# Exercise prompt:
Each record that follows must be reproduced exactly.

# Data extract:
Lemma pfactor_coprime_ind (P : nat -> Prop) : P 1 ->
  (forall q a m, prime q -> 0 < a -> 0 < m -> coprime q m -> P m -> P (q ^ a * m)) ->
  forall n, 0 < n -> P n.
Proof.
move=> P1 P_pfactorM; elim/ltn_ind=> n IHn n_gt0.
have [n_le1 | n_gt1] := leqP n 1.
  by have -> : n = 1 by apply/eqP; rewrite eqn_leq n_le1.
have q_pr := pdiv_prime n_gt1; set q := pdiv n in q_pr.
have [m q_m def_n] := pfactor_coprime q_pr n_gt0.
have a_gt0 : 0 < logn q n by rewrite logn_gt0 mem_primes q_pr n_gt0 pdiv_dvd.
have m_gt0 : 0 < m by move: n_gt0; rewrite def_n muln_gt0 => /andP[].
have qa_gt1 : 1 < q ^ logn q n by rewrite -(expn0 q) ltn_exp2l ?prime_gt1.
rewrite def_n mulnC; apply: P_pfactorM => //; apply: IHn => //.
by rewrite def_n ltn_Pmulr.
Qed.

Lemma size_edivisors n : 0 < n ->
  size (edivisors n) = \prod_(j <- primes n) ndiv (logn j n).
Proof.
move: n; apply: pfactor_coprime_ind => [|q a m q_pr a_gt0 m_gt0 q_m IHm].
  by rewrite big_nil.
rewrite -sum1_size sum_edivisors_pfactorM //.
rewrite (prod_primes_pfactorM q_pr a_gt0 m_gt0 q_m (fun _ => ndiv)).
under eq_bigr do rewrite sum1_size.
by rewrite big_const_seq count_predT iter_addn_0 IHm mulnC.
Qed.

Lemma sum_logn_edivisors_notin n r : 0 < n -> r \notin primes n ->
  \sum_(d <- edivisors n) logn r d = 0.
Proof.
move=> n_gt0 r_n; rewrite big_seq big1 // => d /(edivisors_dvdn n_gt0) d_n.
by apply/eqP; rewrite -leqn0 -(logn_notin_primes r_n) dvdn_leq_log.
Qed.

Lemma sum_logn_edivisors n r : 0 < n -> r \in primes n ->
  \sum_(d <- edivisors n) logn r d =
  sigma (logn r n) * \prod_(j <- primes n | j != r) ndiv (logn j n).
Proof.
move: n; apply: pfactor_coprime_ind => [|q a m q_pr a_gt0 m_gt0 q_m IHm r_n] //.
have sum_logn_qb b : \sum_(d <- edivisors m) logn r (q ^ b * d) =
    size (edivisors m) * ((r == q) * b) + \sum_(d <- edivisors m) logn r d.
  rewrite -sum1_size big_distrl -big_split big_seq [RHS]big_seq /=.
  by apply: eq_bigr => d /(edivisors_gt0 m_gt0) d_gt0; rewrite logn_pfactorM // mul1n.
rewrite sum_edivisors_pfactorM //; under eq_bigr do rewrite sum_logn_qb.
have /= prod_split :=
  prod_primes_pfactorM q_pr a_gt0 m_gt0 q_m (fun j x => if j != r then ndiv x else 1).
rewrite [in RHS]big_mkcond prod_split logn_pfactorM //.
have q_notin_m : q \notin primes m by rewrite -logn_gt0 logn_coprime.
have [-> | r_neq_q] := eqVneq r q.
  rewrite sum_logn_edivisors_notin //; under eq_bigr do rewrite mul1n addn0.
  rewrite -big_distrr /= mul1n logn_coprime // addn0 mulnC size_edivisors //.
  rewrite mul1n; congr (_ * _); apply: eq_big_seq => j j_m.
  by rewrite ifT //; apply: contraNneq q_notin_m => <-.
have r_m : r \in primes m.
  move: r_n; rewrite (perm_mem (perm_primes_pfactorM q_pr a_gt0 m_gt0 q_m)).
  by rewrite in_cons (negbTE r_neq_q).
under eq_bigr do rewrite mul0n muln0 add0n.
rewrite /= mul0n add0n IHm // big_const_seq count_predT iter_addn_0.
by rewrite -big_mkcond /ndiv mulnAC -mulnA.
Qed.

# Problem solution:
Lemma pfactor_coprime_ind (P : nat -> Prop) : P 1 ->
  (forall q a m, prime q -> 0 < a -> 0 < m -> coprime q m -> P m -> P (q ^ a * m)) ->
  forall n, 0 < n -> P n.
Proof.
move=> P1 P_pfactorM; elim/ltn_ind=> n IHn n_gt0.
have [n_le1 | n_gt1] := leqP n 1.
  by have -> : n = 1 by apply/eqP; rewrite eqn_leq n_le1.
have q_pr := pdiv_prime n_gt1; set q := pdiv n in q_pr.
have [m q_m def_n] := pfactor_coprime q_pr n_gt0.
have a_gt0 : 0 < logn q n by rewrite logn_gt0 mem_primes q_pr n_gt0 pdiv_dvd.
have m_gt0 : 0 < m by move: n_gt0; rewrite def_n muln_gt0 => /andP[].
have qa_gt1 : 1 < q ^ logn q n by rewrite -(expn0 q) ltn_exp2l ?prime_gt1.
rewrite def_n mulnC; apply: P_pfactorM => //; apply: IHn => //.
by rewrite def_n ltn_Pmulr.
Qed.

Lemma size_edivisors n : 0 < n ->
  size (edivisors n) = \prod_(j <- primes n) ndiv (logn j n).
Proof.
move: n; apply: pfactor_coprime_ind => [|q a m q_pr a_gt0 m_gt0 q_m IHm].
  by rewrite big_nil.
rewrite -sum1_size sum_edivisors_pfactorM //.
rewrite (prod_primes_pfactorM q_pr a_gt0 m_gt0 q_m (fun _ => ndiv)).
under eq_bigr do rewrite sum1_size.
by rewrite big_const_seq count_predT iter_addn_0 IHm mulnC.
Qed.

Lemma sum_logn_edivisors_notin n r : 0 < n -> r \notin primes n ->
  \sum_(d <- edivisors n) logn r d = 0.
Proof.
move=> n_gt0 r_n; rewrite big_seq big1 // => d /(edivisors_dvdn n_gt0) d_n.
by apply/eqP; rewrite -leqn0 -(logn_notin_primes r_n) dvdn_leq_log.
Qed.

Lemma sum_logn_edivisors n r : 0 < n -> r \in primes n ->
  \sum_(d <- edivisors n) logn r d =
  sigma (logn r n) * \prod_(j <- primes n | j != r) ndiv (logn j n).
Proof.
move: n; apply: pfactor_coprime_ind => [|q a m q_pr a_gt0 m_gt0 q_m IHm r_n] //.
have sum_logn_qb b : \sum_(d <- edivisors m) logn r (q ^ b * d) =
    size (edivisors m) * ((r == q) * b) + \sum_(d <- edivisors m) logn r d.
  rewrite -sum1_size big_distrl -big_split big_seq [RHS]big_seq /=.
  by apply: eq_bigr => d /(edivisors_gt0 m_gt0) d_gt0; rewrite logn_pfactorM // mul1n.
rewrite sum_edivisors_pfactorM //; under eq_bigr do rewrite sum_logn_qb.
have /= prod_split :=
  prod_primes_pfactorM q_pr a_gt0 m_gt0 q_m (fun j x => if j != r then ndiv x else 1).
rewrite [in RHS]big_mkcond prod_split logn_pfactorM //.
have q_notin_m : q \notin primes m by rewrite -logn_gt0 logn_coprime.
have [-> | r_neq_q] := eqVneq r q.
  rewrite sum_logn_edivisors_notin //; under eq_bigr do rewrite mul1n addn0.
  rewrite -big_distrr /= mul1n logn_coprime // addn0 mulnC size_edivisors //.
  rewrite mul1n; congr (_ * _); apply: eq_big_seq => j j_m.
  by rewrite ifT //; apply: contraNneq q_notin_m => <-.
have r_m : r \in primes m.
  move: r_n; rewrite (perm_mem (perm_primes_pfactorM q_pr a_gt0 m_gt0 q_m)).
  by rewrite in_cons (negbTE r_neq_q).
under eq_bigr do rewrite mul0n muln0 add0n.
rewrite /= mul0n add0n IHm // big_const_seq count_predT iter_addn_0.
by rewrite -big_mkcond /ndiv mulnAC -mulnA.
Qed.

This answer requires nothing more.